# Creating a Stress Detection Tool using Data From Mental Health Subreddits: Data Wrangling

#### Import necessary libraries

In [1]:
import pandas as pd
import numpy as np

#reddit crawler
import praw
from praw.models import MoreComments

#preprocessing
import string

#for saving
import pickle

#### Set up client

In [2]:
r = praw.Reddit(user_agent = '',
                client_id = '',
                client_secret = '',
                check_for_async=False)

#### Create the subreddit list that I want to get data from
* I have mostly chosen mental health  related subreddits
* I added in a few positivity-based subreddits to balance out as well

In [3]:
sr_list = ['adhd', 'affirmations', 'anger', 'anxiety', 'depression', 'mentalillness', 'mindfulness', 'socialanxiety']

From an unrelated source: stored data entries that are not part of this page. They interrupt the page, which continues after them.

Lemma coloring3_avoiding : H_avoiding_coloring twoK2 (@cube_adj 3) coloring3.
Proof.
apply/andP; split.
  apply/forallP => x; apply/forallP => y; apply/implyP.
  rewrite cube_adj3 !ffunE -val_eqE /=.
  by move/allP: color3_proper => /(_ _ (triple3_in x)) /allP
    /(_ _ (triple3_in y)) /implyP.
apply/forallP => a; apply/forallP => b; apply/negP.
move=> /(induced_2K2P (@cube_adj_sym 3) (@cube_adj_irr 3)).
move=> [x [y [x' [y' /andP [/and4P [xS yS x'S y'S] pat]]]]].
move: pat xS yS x'S y'S; rewrite /induced_2K2 !cube_adj3 !inE !ffunE -!val_eqE /=.
move/allP: color3_avoiding => /(_ _ (triple3_in x)) /allP /(_ _ (triple3_in y))
  /allP /(_ _ (triple3_in x')) /allP /(_ _ (triple3_in y')) /implyP check pat.
move: (check pat) => /allP /(_ a); rewrite mem_iota ltn_ord => /(_ isT) /allP.
move=> /(_ b); rewrite mem_iota ltn_ord /= andbT => /(_ isT) /negP noncopy.
by move=> *; apply: noncopy; apply/and4P.
Qed.

End CubeThree.

(* The counting bound holds for chi_2K2(Q_d) itself (trivially so for the
   default value 2^d). *)
Lemma chi_2K2_cube_count (d : nat) : 3 <= d ->
  d * 2 ^ d <= chi_2K2_cube d * (chi_2K2_cube d - 1) * (2 * d - 1).
Proof.
move=> d3.
apply: (@chi_H_ind _ _ _ _ (fun k => d * 2 ^ d <= k * (k - 1) * (2 * d - 1))).
  rewrite card_cube; have : 2 <= 2 ^ d.
    by rewrite (@leq_trans (2 ^ 1)) ?leq_pexp2l //; lia.
  by move: (2 ^ d) => N N2; nia.
by move=> k /existsP [c avoid]; apply: class_edges_count avoid d3.
Qed.

Local Open Scope ring_scope.

(* Solving k (k - 1) (2d - 1) >= d 2^d for k:
   (k - 1/2)^2 >= k (k - 1) >= d 2^d / (2d - 1). *)
Lemma count_bound_real (R : realType) (d k : nat) : (1 <= d)%N ->
  (d * 2 ^ d <= k * (k - 1) * (2 * d - 1))%N ->
  Num.sqrt ((d%:R / (2 * d%:R - 1)) * 2%:R ^+ d) + 2%:R^-1 <= (k%:R : R).
Proof.
move=> d1 count.
have k1 : (1 <= k)%N.
  by case: k count => //; rewrite !mul0n leqn0 muln_eq0 expn_eq0 /=; case: d d1.
have d_pos : (0 : R) < 2 * d%:R - 1.
  have : (1 : R) <= d%:R by rewrite ler1n.
  lra.
have count_R : (d%:R * 2%:R ^+ d : R) <= k%:R * (k%:R - 1) * (2 * d%:R - 1).
  rewrite -natrX -natrM -(natrB _ k1) -[2 * d%:R]natrM.
  rewrite -(natrB _ (_ : 1 <= 2 * d)%N) ?muln_gt0 //.
  by rewrite -!natrM ler_nat.
have square : (d%:R / (2 * d%:R - 1)) * 2%:R ^+ d <= (k%:R - 2^-1 : R) ^+ 2.
  rewrite mulrAC ler_pdivrMr //; apply: (le_trans count_R).
  by rewrite ler_wpM2r //; [lra | nra].
have k_half : (0 : R) <= k%:R - 2^-1.
  have : (1 : R) <= k%:R by rewrite ler1n.
  lra.
by have := ler_wsqrtr square; rewrite sqrtr_sqr ger0_norm //; lra.
Qed.

Theorem corollary5 :
  chi_2K2_cube 2 = 2%N /\ chi_2K2_cube 3 = 4%N /\
  forall (R : realType) (d : nat), (4 <= d)%N ->
    Num.sqrt ((d%:R / (2 * d%:R - 1)) * 2%:R ^+ d) + 2%:R^-1
      <= ((chi_2K2_cube d)%:R : R).
Proof.
split; [|split].
- apply: chi_H_eq; first by rewrite card_cube.
    by apply/existsP; exists (parity_coloring 2);
      apply: parity_coloring2_avoiding.
  move=> k k2; apply/existsP => -[c /andP [proper _]].
  have := proper_cube_two_colors (isT : 0 < 2)%N proper.
  by rewrite ltnNge -ltnS k2.
- apply: chi_H_eq; first by rewrite card_cube.
    by apply/existsP; exists coloring3; apply: coloring3_avoiding.
  move=> k; rewrite ltnS leq_eqVlt => /orP [/eqP -> | k2].
    exact: cube_not_3_colorable.
  apply/existsP => -[c /class_edges_count /(_ isT)].
  by case: k c k2 => [|[|[|]]].
- move=> R d d4; apply: count_bound_real; first by apply: leq_trans d4.
  by apply: chi_2K2_cube_count; apply: leq_trans d4.
Qed.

#### Get URLs from top reddit posts from each subreddit
* I am creating the first for loop to get the top posts from each subreddit from the API
* The second for loop is to get the comments from each of those posts
* I am then appending it to the list, then converting to a dataframe

In [4]:
posts = []

for sr in sr_list:
    subreddit = r.subreddit(sr)
    
    for post in subreddit.hot(limit=100):
        
        post.comments.replace_more(limit=500)
        for comment in post.comments.list():
             posts.append([post.subreddit, comment.body])

In [5]:
posts = pd.DataFrame(posts)

#### Checking out the data
* .shape to make sure I have enough data
* .head and .tail to make sure everything looks right

In [6]:
posts.shape

(9546, 2)

In [7]:
posts.head(5)

Unnamed: 0,0,1
0,ADHD,"I finally cleaned my entire living space, and ..."
1,ADHD,I found this subreddit
2,ADHD,Made it through the first week of spring term!...
3,ADHD,I finally got my Adderall prescription yesterd...
4,ADHD,I finally got my info together to send to my a...


In [8]:
posts.tail(5)

Unnamed: 0,0,1
9541,socialanxiety,"true, how ever,, everyone is living in their o..."
9542,socialanxiety,"You actually don’t know it, you’re just using ..."
9543,socialanxiety,"lol i get this as well. most of the time, they..."
9544,socialanxiety,For me it's more like I'm scared I'll do somet...
9545,socialanxiety,Being able to use logic I think is a way of kn...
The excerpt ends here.